# [Prompt]
Provide the count of lines below where "exists" occurs, with no other output.

# [Listed entries]
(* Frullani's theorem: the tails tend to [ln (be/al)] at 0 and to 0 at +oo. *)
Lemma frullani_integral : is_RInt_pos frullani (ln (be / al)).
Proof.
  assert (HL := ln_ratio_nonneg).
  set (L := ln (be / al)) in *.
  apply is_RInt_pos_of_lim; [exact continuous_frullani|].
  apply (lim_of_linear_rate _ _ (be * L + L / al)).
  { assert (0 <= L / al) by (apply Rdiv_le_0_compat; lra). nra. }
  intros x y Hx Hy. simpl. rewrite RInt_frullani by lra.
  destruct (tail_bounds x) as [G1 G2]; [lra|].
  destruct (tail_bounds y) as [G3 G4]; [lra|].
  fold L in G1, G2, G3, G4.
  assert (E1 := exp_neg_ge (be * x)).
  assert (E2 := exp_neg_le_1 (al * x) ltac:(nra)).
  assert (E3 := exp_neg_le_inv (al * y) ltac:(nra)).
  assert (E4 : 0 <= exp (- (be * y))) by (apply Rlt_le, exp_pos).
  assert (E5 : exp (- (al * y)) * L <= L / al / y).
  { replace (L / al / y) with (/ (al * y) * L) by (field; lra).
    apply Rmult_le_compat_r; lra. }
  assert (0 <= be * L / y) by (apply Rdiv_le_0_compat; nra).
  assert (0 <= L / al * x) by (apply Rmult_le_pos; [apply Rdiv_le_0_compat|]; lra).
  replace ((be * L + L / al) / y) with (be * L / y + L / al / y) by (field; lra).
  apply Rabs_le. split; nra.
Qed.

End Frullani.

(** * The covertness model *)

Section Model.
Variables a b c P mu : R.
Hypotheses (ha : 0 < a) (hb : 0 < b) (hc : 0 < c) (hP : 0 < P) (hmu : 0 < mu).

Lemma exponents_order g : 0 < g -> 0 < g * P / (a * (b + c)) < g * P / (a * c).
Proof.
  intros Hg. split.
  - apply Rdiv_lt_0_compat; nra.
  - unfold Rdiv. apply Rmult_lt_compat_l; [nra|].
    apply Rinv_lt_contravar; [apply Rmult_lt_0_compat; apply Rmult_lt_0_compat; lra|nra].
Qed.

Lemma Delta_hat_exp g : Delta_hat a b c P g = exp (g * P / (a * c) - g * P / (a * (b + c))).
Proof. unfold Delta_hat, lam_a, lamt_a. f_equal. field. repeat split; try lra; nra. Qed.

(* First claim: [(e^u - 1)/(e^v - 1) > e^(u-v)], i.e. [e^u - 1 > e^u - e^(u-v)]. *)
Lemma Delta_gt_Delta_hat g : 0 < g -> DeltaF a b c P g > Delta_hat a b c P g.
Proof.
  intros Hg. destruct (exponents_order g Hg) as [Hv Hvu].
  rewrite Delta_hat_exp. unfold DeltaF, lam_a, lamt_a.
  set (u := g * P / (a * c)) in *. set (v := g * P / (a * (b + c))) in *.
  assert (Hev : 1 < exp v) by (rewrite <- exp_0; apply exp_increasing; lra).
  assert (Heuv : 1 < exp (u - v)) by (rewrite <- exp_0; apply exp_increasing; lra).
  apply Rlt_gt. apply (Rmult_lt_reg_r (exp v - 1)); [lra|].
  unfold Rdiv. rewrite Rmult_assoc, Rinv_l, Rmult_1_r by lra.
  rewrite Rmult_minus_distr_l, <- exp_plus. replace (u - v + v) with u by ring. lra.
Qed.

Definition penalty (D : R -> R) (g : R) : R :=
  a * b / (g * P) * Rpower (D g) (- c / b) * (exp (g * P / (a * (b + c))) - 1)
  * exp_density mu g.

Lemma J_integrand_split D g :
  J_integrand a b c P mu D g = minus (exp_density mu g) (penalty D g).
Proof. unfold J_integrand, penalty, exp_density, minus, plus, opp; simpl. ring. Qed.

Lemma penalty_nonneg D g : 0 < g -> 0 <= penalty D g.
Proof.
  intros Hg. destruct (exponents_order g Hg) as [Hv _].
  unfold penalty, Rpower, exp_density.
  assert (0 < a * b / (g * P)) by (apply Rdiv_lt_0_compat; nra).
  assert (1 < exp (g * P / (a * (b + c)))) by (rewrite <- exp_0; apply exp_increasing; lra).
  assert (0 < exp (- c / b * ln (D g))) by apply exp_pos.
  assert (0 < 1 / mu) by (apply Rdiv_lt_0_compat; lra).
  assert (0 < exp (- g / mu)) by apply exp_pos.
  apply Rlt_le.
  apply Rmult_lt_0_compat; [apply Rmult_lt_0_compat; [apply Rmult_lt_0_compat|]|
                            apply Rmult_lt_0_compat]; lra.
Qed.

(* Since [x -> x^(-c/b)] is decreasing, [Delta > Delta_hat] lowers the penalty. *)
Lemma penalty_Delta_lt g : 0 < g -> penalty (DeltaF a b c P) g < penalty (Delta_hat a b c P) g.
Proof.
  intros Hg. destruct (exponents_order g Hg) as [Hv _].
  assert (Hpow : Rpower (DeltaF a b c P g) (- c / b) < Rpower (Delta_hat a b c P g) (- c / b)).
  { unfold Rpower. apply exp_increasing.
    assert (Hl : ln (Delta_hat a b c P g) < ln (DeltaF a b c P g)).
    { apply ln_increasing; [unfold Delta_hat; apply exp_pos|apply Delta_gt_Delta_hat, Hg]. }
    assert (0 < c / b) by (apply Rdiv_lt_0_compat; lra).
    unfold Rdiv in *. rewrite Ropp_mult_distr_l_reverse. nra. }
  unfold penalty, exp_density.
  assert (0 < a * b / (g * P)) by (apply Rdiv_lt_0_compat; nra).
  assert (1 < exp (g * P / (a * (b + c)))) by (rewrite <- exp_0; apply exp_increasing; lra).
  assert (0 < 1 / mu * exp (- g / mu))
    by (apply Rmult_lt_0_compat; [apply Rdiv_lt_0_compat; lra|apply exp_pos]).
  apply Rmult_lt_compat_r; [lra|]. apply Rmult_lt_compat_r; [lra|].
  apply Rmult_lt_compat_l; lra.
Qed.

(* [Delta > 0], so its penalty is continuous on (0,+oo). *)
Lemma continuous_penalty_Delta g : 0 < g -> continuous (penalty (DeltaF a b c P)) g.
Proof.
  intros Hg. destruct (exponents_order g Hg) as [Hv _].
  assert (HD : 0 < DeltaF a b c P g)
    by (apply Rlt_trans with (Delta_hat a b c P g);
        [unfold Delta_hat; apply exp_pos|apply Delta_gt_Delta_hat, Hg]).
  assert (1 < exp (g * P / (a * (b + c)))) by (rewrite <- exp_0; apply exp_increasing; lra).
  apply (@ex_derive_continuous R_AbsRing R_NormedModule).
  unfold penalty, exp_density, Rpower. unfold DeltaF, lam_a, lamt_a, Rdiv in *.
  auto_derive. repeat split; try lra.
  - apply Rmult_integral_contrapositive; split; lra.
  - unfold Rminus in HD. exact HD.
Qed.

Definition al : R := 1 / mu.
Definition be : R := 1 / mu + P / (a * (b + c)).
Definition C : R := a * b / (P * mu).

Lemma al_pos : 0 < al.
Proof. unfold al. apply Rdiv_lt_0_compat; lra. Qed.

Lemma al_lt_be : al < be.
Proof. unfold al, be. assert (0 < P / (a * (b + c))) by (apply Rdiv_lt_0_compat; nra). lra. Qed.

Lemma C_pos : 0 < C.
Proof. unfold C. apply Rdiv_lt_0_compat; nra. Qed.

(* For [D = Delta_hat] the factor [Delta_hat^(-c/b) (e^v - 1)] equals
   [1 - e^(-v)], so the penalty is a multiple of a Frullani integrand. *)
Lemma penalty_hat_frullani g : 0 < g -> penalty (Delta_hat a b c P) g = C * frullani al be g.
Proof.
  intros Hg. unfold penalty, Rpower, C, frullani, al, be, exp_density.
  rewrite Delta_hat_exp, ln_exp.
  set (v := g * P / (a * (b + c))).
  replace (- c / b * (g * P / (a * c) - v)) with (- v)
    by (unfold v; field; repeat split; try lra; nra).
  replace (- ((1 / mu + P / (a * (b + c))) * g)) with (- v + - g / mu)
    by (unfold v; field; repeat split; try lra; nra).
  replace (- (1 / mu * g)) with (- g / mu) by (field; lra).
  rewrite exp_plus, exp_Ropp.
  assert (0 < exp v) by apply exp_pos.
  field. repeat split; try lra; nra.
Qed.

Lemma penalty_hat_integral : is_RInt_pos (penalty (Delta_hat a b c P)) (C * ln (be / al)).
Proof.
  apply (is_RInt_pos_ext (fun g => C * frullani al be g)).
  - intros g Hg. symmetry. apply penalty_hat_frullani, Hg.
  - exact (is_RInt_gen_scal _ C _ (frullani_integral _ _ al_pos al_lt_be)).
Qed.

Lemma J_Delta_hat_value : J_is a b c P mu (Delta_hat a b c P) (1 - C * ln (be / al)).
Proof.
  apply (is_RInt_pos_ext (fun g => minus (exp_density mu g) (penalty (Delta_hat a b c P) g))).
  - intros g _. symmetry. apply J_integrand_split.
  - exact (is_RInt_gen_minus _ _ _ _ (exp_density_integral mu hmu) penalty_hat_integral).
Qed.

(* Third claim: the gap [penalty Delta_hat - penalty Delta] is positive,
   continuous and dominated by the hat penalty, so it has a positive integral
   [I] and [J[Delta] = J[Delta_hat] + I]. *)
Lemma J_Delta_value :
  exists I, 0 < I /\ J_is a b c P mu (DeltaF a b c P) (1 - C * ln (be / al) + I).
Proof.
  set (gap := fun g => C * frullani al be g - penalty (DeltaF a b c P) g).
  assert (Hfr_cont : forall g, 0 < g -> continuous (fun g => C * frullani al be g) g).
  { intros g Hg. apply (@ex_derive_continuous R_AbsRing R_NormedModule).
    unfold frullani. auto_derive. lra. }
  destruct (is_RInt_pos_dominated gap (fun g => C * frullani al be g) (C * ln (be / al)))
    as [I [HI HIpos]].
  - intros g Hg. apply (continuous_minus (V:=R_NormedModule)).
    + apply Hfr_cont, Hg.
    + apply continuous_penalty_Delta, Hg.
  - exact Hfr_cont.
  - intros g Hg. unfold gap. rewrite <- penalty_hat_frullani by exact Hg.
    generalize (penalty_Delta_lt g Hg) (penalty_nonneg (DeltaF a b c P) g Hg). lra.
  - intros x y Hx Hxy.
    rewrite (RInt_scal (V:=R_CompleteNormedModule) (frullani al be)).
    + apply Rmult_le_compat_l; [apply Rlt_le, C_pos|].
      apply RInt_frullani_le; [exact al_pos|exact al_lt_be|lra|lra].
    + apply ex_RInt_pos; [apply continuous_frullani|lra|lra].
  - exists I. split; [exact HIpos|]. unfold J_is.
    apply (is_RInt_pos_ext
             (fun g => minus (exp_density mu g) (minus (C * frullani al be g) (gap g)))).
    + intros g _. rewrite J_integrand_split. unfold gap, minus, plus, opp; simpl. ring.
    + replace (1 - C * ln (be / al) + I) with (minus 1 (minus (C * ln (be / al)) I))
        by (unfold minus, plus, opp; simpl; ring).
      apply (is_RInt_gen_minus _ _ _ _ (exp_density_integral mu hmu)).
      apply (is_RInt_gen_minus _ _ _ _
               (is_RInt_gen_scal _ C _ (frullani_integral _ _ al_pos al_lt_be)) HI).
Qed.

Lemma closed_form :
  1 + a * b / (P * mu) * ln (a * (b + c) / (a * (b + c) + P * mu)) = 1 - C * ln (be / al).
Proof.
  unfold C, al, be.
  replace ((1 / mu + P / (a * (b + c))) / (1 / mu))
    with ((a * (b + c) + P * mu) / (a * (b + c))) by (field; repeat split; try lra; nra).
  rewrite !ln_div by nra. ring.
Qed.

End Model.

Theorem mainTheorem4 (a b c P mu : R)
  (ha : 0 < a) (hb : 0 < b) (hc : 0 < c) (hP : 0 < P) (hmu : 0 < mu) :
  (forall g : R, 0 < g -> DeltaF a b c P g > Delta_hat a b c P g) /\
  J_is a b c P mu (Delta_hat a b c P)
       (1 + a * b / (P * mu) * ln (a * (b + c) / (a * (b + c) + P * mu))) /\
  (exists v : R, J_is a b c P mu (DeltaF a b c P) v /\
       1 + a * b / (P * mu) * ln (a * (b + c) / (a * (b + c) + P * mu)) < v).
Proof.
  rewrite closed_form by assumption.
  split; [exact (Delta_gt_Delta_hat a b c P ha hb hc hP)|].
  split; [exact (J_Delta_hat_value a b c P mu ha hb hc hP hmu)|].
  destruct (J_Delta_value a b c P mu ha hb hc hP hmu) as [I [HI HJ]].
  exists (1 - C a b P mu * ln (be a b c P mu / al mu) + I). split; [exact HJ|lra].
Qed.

# [Task response]
4